From the entries below, return every line that includes the word "Import".

Saved data entries:
============================================================
(* For every $k\ge2$, $\mathcal A_k\subseteq\mathcal A_{k+1}$ and $\mathcal A_k\subseteq\mathcal A$; that is, $(\mathcal A_k)_k$ is a nested sequence of subsets of $\mathcal A$.
   Context: $d\ge2$; $\mathcal S_{d-1}=\{(w_1,\dots,w_{d-1})\in[0,1]^{d-1}:\sum w_i\le1\}$, $w_d=1-\sum_{i<d}w_i$. $\mathcal A$ is the family of convex functions $A:\mathcal S_{d-1}\to[1/d,1]$ with $\max(w_1,\dots,w_d)\le A({\boldsymbol w})\le1$ for all ${\boldsymbol w}$. $\Gamma_k$ is the set of ${\boldsymbol\alpha}\in\{0,\dots,k\}^{d-1}$ with $\sum\alpha_i\le k$, $\alpha_d=k-\sum_{i<d}\alpha_i$, and $b_{\boldsymbol\alpha}({\boldsymbol w};k)=\frac{k!}{\alpha_1!\cdots\alpha_d!}\prod_{i=1}^dw_i^{\alpha_i}$. Let ${\boldsymbol v}_0={\bf 0}$, ${\boldsymbol v}_r={\boldsymbol e}_r\in\mathbb R^{d-1}$. For coefficients $(\beta_{\boldsymbol\alpha})_{{\boldsymbol\alpha}\in\Gamma_k}$ define $\Delta_{s,r}\beta_{\boldsymbol\alpha}=\beta_{{\boldsymbol\alpha}+{\boldsymbol v}_s}-\beta_{{\boldsymbol\alpha}+{\boldsymbol v}_r}$ and $\Delta_{t,r}\Delta_{s,r}\beta_{\boldsymbol\alpha}=\Delta_{s,r}\beta_{{\boldsymbol\alpha}+{\boldsymbol v}_t}-\Delta_{s,r}\beta_{{\boldsymbol\alpha}+{\boldsymbol v}_r}$. $\mathcal A_k$ is the set of functions ${\boldsymbol w}\mapsto\sum_{{\boldsymbol\alpha}\in\Gamma_k}\beta_{\boldsymbol\alpha}b_{\boldsymbol\alpha}({\boldsymbol w};k)$ with all $\beta_{\boldsymbol\alpha}\in[0,1]$ satisfying: (R1) for all ${\boldsymbol\alpha}\in\Gamma_{k-2}$ and $i\in\{1,\dots,d-1\}$: $\Delta^2_{i,0}\beta_{\boldsymbol\alpha}-\sum_{j\in\{1,\dots,d-1\},j\ne i}|\Delta_{i,0}\Delta_{j,0}\beta_{\boldsymbol\alpha}|\ge0$; (R2) $\beta_{\boldsymbol\alpha}=1$ for ${\boldsymbol\alpha}={\bf 0}$ and for ${\boldsymbol\alpha}=k{\boldsymbol e}_i$, $i=1,\dots,d-1$; (R3) $\beta_{\boldsymbol\alpha}\ge1-1/k$ for ${\boldsymbol\alpha}={\boldsymbol e}_i$, ${\boldsymbol\alpha}=(k-1){\boldsymbol e}_i$, and ${\boldsymbol\alpha}=(k-1){\boldsymbol e}_i+{\boldsymbol e}_j$, for all $i\ne j$ in $\{1,\dots,d-1\}$. *)

(* Points of the simplex S_{d-1} are row vectors in
   'rV[R]_(d.-1); multi-indices are nat-valued finite functions on 'I_(d.-1). *)
From HB Require Import structures.
From mathcomp Require Import all_boot all_order all_algebra.
Set Implicit Arguments. Unset Strict Implicit. Unset Printing Implicit Defensive.
Import Order.TTheory GRing.Theory Num.Theory.
Local Open Scope ring_scope.
Definition partials2 (a : idx -> idx -> pt -> R) (da : idx -> idx -> idx -> pt -> R)
  (U : pt -> Prop) : Prop :=
  forall i j k p, U p -> has_partial (a i j) k p (da i j k p).

Definition partials1 (b : idx -> pt -> R) (db : idx -> idx -> pt -> R)
  (U : pt -> Prop) : Prop :=
  forall i j p, U p -> has_partial (b i) j p (db i j p).

Definition is_riemannian (a : idx -> idx -> pt -> R) (U : pt -> Prop) : Prop :=
  forall p, U p ->
    (forall i j, a i j p = a j i p) /\
    (forall v : idx -> R, (v X1 <> 0 \/ v X2 <> 0) ->
       0 < sum2 (fun i => sum2 (fun j => a i j p * v i * v j))).

(* pointwise algebra: g = (a_ij), dg i j k = d_k a_ij, bv = (b_i), dbv i j = d_j b_i *)
Definition det2 (g : idx -> idx -> R) : R :=
  g X1 X1 * g X2 X2 - g X1 X2 * g X2 X1.

Definition inv2 (g : idx -> idx -> R) : idx -> idx -> R :=
  fun i j => match i, j with
  | X1, X1 => g X2 X2 / det2 g
  | X1, X2 => - g X1 X2 / det2 g
  | X2, X1 => - g X2 X1 / det2 g
  | X2, X2 => g X1 X1 / det2 g
  end.

Definition christoffel (g : idx -> idx -> R) (dg : idx -> idx -> idx -> R)
  (k i j : idx) : R :=
  / 2 * sum2 (fun l => inv2 g k l * (dg l j i + dg i l j - dg i j l)).

Definition covd (g : idx -> idx -> R) (dg : idx -> idx -> idx -> R)
  (bv : idx -> R) (dbv : idx -> idx -> R) (i j : idx) : R :=
  dbv i j - sum2 (fun k => christoffel g dg k i j * bv k).

Definition rr g dg bv dbv (i j : idx) : R :=
  / 2 * (covd g dg bv dbv i j + covd g dg bv dbv j i).
Definition ss g dg bv dbv (i j : idx) : R :=
  / 2 * (covd g dg bv dbv i j - covd g dg bv dbv j i).

Definition bup (g : idx -> idx -> R) (bv : idx -> R) (i : idx) : R :=
  sum2 (fun j => inv2 g i j * bv j).
Lemma sym_cosemisimple : (forall x y, le x y -> le y x) -> cosemisimple k le.
Proof.
move=> le_sym.
exists (quot le), (fun A => supported_on (proj1_sig A)); split.
- by move=> A; case: (proj2_sig A) => x ->; exact: simple_supported_on_cls.
- move=> c [c0 cf].
  pose d (A : quot le) a b := if `[< proj1_sig A a >] then c a b else 0.
  exists d; split.
  + move=> A; case: (proj2_sig A) => x eA; split; first split.
    * by move=> a b nab; rewrite /d; case: ifP => // _; apply: c0.
    * by apply: sub_finite_set cf => p /=; rewrite /d; case: ifP; rewrite ?eqxx.
    * move=> a b; rewrite /d; case: asboolP => [Aa cab|_]; last by rewrite eqxx.
      have lab : le a b by apply: contrapT => nab; rewrite c0 ?eqxx in cab.
      move: (Aa); rewrite eA => -[lxa lax].
      split; split=> //; first exact: le_trans lxa lab.
      exact: le_trans (le_sym _ _ lab) lax.
  + apply: (sub_finite_set (B := (fun p : Y * Y => qcls le p.1) @`
        [set p : Y * Y | c p.1 p.2 != 0])); last exact: finite_image.
    move=> A /= /exists_entry_neq0 [a [b]]; rewrite /d.
    case: asboolP => [Aa cab|]; last by rewrite eqxx.
    by exists (a, b) => //=; exact/esym/quot_qcls.
  + move=> x y; rewrite (fsbig_pointE (I := {classic (quot le)}) (j := qcls le x)).
      by rewrite asboolT //= /d asboolT //=; exact: equiv_cls_refl.
    move=> A nA; rewrite /d; case: asboolP => // Ax.
    by case: nA; exact: quot_qcls.
- move=> d Dd _ dsum A; apply/funext=> x; apply/funext=> y.
  apply: contrapT => /eqP nz.
  have [Ax _] := (Dd A).2 _ _ nz.
  have := dsum x y; rewrite (fsbig_pointE (I := {classic (quot le)}) (j := A)).
    by rewrite asboolT // => /eqP; rewrite (negbTE nz).
  move=> B nB; apply: contrapT => /eqP nzB.
  have [Bx _] := (Dd B).2 _ _ nzB.
  by apply: nB; rewrite (quot_qcls le_refl le_trans Bx) (quot_qcls le_refl le_trans Ax).
Qed.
============================================================
* _Response area_:
From HB Require Import structures.
From mathcomp Require Import all_boot all_order all_algebra.
Import Order.TTheory GRing.Theory Num.Theory.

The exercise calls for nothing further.